On Wed, Apr 22, 2015 at 11:40:16PM -0700, Darrick J. Wong wrote:
> On Thu, Apr 23, 2015 at 11:13:45AM +1000, Dave Chinner wrote:
> > On Wed, Apr 22, 2015 at 05:44:26PM -0700, Darrick J. Wong wrote:
> > > On Wed, Apr 22, 2015 at 08:27:38AM +1000, Dave Chinner wrote:
> > > > On Mon, Apr 20, 2015 at 09:28:20PM -0700, Darrick J. Wong wrote:
> > > > > On Mon, Apr 20, 2015 at 08:06:46PM -0500, xfs@xxxxxxxxxxx wrote:
> > > > crashing between the breaking of the shared reference and data
> > > > writeback doesn't leave us with a hole instead of data. To deal with
> > > > that, I think that we're going to have to break shared extents
> > > > during writeback, not during the write. However, we are going to
> > > > need a delalloc reservation to do that.
> > > >
> > > > So I suspect we need a new type of extent in the in-core extent tree
> > > > - a "delalloc overwrite" extent - so that when we map it in writeback
> > > > we can allocate the new extent, do the write to it, and then on IO
> > > > completion do the BMBT manipulation to break the shared reference
> > > > and insert the new extent. That solves the atomicity problem, and it
> > > > allows us to track COW data on a per-inode basis without having
> > > > to care about all the other reflink contexts to that same data.
> > >
> > > I think that'll work... in xfs_vm_writepage (more probably
> > > xfs_map_blocks) if
> > > the refcount > 2, allocate a new block, insert a new delalloc-overwrite
> > > in-core
> Speaking of which, should I add a XFS_DIFLAG_ to indicate that a file has
> (or has had) reflinked blocks? In theory this would save us a trip through
> the reflinkbt for "normal" files when the reflink feature is set, but
> we'd then have to maintain it (and repair would have to check it).
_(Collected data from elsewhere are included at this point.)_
Lemma harmonic_sqr_dist_cvg (R : realType) (V : completeNormedModType R)
    (K : R) (X : nat -> V) :
  (forall n k, `|X n - X k| ^+ 2 <= K * (n.+1%:R^-1 + k.+1%:R^-1)) ->
  cvg (X @ \oo).
Proof.
move=> XK; apply: cauchy_cvg; apply: cauchy_exP => eps eps0.
have k0 : 0 < `|K| + 1 by have := normr_ge0 K; lra.
have d0 : 0 < eps ^+ 2 / (2 * (`|K| + 1)) by rewrite divr_gt0 ?exprn_gt0 ?mulr_gt0.
have [N _ hN] := near_infty_natSinv_lt (PosNum d0).
exists (X N); exists N => // n /= Nn; rewrite -ball_normE /ball_ /=.
have K_small : K * (N.+1%:R^-1 + n.+1%:R^-1) < eps ^+ 2.
  have := hN N (leqnn N); have := hN n Nn; rewrite /= !ltr_pdivlMr ?mulr_gt0 //.
  have : K * (N.+1%:R^-1 + n.+1%:R^-1) <= (`|K| + 1) * (N.+1%:R^-1 + n.+1%:R^-1).
    by rewrite ler_wpM2r ?addr_ge0 //; have := ler_norm K; lra.
  by move: (N.+1%:R^-1 : R) (n.+1%:R^-1 : R) (`|K|) => a b c; lra.
have := XK N n; move: K_small (normr_ge0 (X N - X n)).
move: (K * _) (`|X N - X n|) => s d s_small d_ge0 d_le.
by rewrite ltNge; apply/negP => big; nra.
Qed.

Lemma ge0_of_small_perturbation (R : realType) (a b : R) : 0 <= b ->
  (forall t, 0 < t <= 1 -> 0 <= a + t * b) -> 0 <= a.
Proof.
move=> b0 Hab; rewrite leNgt; apply/negP => a_lt0.
have t0 : 0 < - a / (b - a) by rewrite divr_gt0; lra.
have t1 : - a / (b - a) <= 1 by rewrite ler_pdivrMr; lra.
have := Hab (- a / (b - a)); rewrite t0 t1 => /(_ isT).
have -> : a + - a / (b - a) * b = - (a ^+ 2 / (b - a)) by field; lra.
have : 0 < a ^+ 2 / (b - a) by rewrite divr_gt0 ?expr2 ?nmulr_rgt0 //; lra.
by lra.
Qed.

Section Minty.
Variables (R : realType) (V : completeNormedModType R) (ip : V -> V -> R).
Hypothesis hip : is_inner_product ip.
Variable G : V -> set V.
Hypothesis Gmono : monotone_op ip G.
Hypothesis Gmax : forall x u,
  (forall y v, G y v -> 0 <= ip (x - y) (u - v)) -> G x u.

Definition fitzpatrick_le x u c :=
  forall y v, G y v -> ip x v + ip y u - ip y v <= c.
(* Consider the Boosting SDP for input matrix $\hat A\in\mathbb R^{n\times n}$, labels $\ell\in\{-1,1\}^n$ with $L=\ell\ell^T$, and parameters $0<\zeta<1$, $d>0$, $K\ge10^4$. Let $\tilde\ell\in\{-1,1\}^n$ agree with $\ell$ on at least $(1-\theta)n$ coordinates, where $\theta\le\zeta$, and let $\tilde L=\tilde\ell\tilde\ell^T$. Suppose that for some $\gamma\le\zeta$ there are a subset $S\subseteq[n]$ with $|S|\ge(1-\gamma)n$ and an $n\times n$ matrix $F$ such that: (i) $(F\odot\tilde L)_{S\times S}$ is entrywise nonnegative; (ii) $(\hat A-F)_{S\times S}=Y+Z$ with $\|Y\|_{\mathrm{op}}\le Kd$ and $|Z_{ij}|\le Kd/(\zeta n)$ for all $i,j$; (iii) $((\hat A-F)\odot\tilde L)_{S\times S}$ is $(10dK^3,\gamma dK)$-resolvable. Then for any feasible solution of the Boosting SDP with $\rho\le\theta+\gamma$, the number of $i\in S$ with $w_i\le1-1/\sqrt K$ and $\ell_i\ne\tilde\ell_i$ is at most $10(\theta+\gamma)n/\sqrt K$.
   Context: Notation: $J$ all-ones matrix, $\odot$ entrywise product, $\langle X,Y\rangle=\sum_{ij}X_{ij}Y_{ij}$, $\|\cdot\|_1$ trace norm, $\|\cdot\|_{\mathrm{op}}$ operator norm, $M_{S\times T}$ submatrix indexed by $S\times T$. Resolvability: an $m\times m$ matrix $X$ is $(d_1,d_2)$-resolvable if for all $x_1,\dots,x_m\in[0,1]$ with $\sum_ix_i\le10^{-6}m$, $\langle X,Y_x\rangle\ge d_1\sum_ix_i-d_2m$, where $(Y_x)_{ij}=x_i$. Pseudorectangles: $\mathcal R_n(\theta)$ is the set of $n\times n$ matrices $M$ with $0\le M_{ij}\le1$, $\sum_{ij}|M_{ij}|\le\theta^2n^2$, $\|M\|_1\le\theta n$. Approximate row selectors: $(M,x_1,\dots,x_n)\in\mathcal S_n(\theta,\delta)$ if $0\le M_{ij}\le1$, $0\le x_i\le1$, $\sum_ix_i\le\theta n$, and $M=Y_x-N$ for some $N\in\mathcal R_n(\sqrt{\theta\delta})$. Boosting SDP (inputs $\hat A,\ell$, parameters $\zeta,d,K$ with $0<\zeta<1$, $K\ge10^4$): variables $\rho\in[0,\zeta]$, $w\in\mathbb R^n$, $W\in\mathbb R^{n\times n}$, $N\in\mathcal R_n(\rho)$ with $0\le w_i\le1$, $\sum_iw_i\le\rho n$, $W_{ij}\ge0$, $W_{ij}=1-w_i-w_j+N_{ij}$ for all $i,j$, and for every $\rho'$ with $\rho/K\le\rho'\le\zeta$ and every $(M,x)\in\mathcal S_n(\rho',K\rho')$: $\langle\hat A\odot L\odot W,M\rangle\ge10dK^2\big(K\sum_ix_i(1-w_i)-\rho'n\big)$, where $L=\ell\ell^T$. Objective: minimize $\rho$. *)

From mathcomp Require Import all_boot all_order all_algebra.
From mathcomp Require Import all_classical all_reals.
Set Implicit Arguments. Unset Strict Implicit. Unset Printing Implicit Defensive.
Import Order.TTheory GRing.Theory Num.Theory.
Local Open Scope ring_scope.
Yes, we probably should have a flag like this. It makes it simple to
determine where to look for extent info, but it also gives us some
redundant information as to whether the inode should have shared
extents rather than have them trashed as duplicate references to an
unshared block in repair...
> > > extent with the new block number and set a flag in the ioend to remind
> > > ourselves to update the bookkeeping later. During xfs_end_io if that
> > > flag is
> > > set, commit the new in-core extent to disk, decrement the refcounts, and
> > > free the block if the refcount is 1.
> > If we are going to track the overwrite in-core, then we are probably
> > going to need some form of intent/done transaction structure so that
> > we don't leak the allocated block if we crash before the completion
> > runs and commits the extent swap. I'd prefer to do that than require
> > on-disk state to prevent free space leakage in this case.
> > We could, potentially, abuse the EFI for this. i.e. record an EFI
> > for the extent in the allocation transaction, then in the completion
> > record a matching EFD. That way recovery will free the allocated
> > extent if we don't complete it....
> Clever! I was looking around to see if XFS had something that could
> take care of cleaning up orphans like that.
It's not intended for this purpose, but I think it will work just
fine - as long as the extent is not actually added to the on-disk
bmbt by the allocation transaction. The EFI is currently committed in
the same transaction that removes the extent from the BMBT to
indicate it is not referenced on disk and then it is freed in the
following transaction that also commits the EFD to indicate it is
referenced again (by the free space tree). The above would work the
opposite way around - EFI commited on removal from the free space
tree, EFD committed on addition to the BMBT...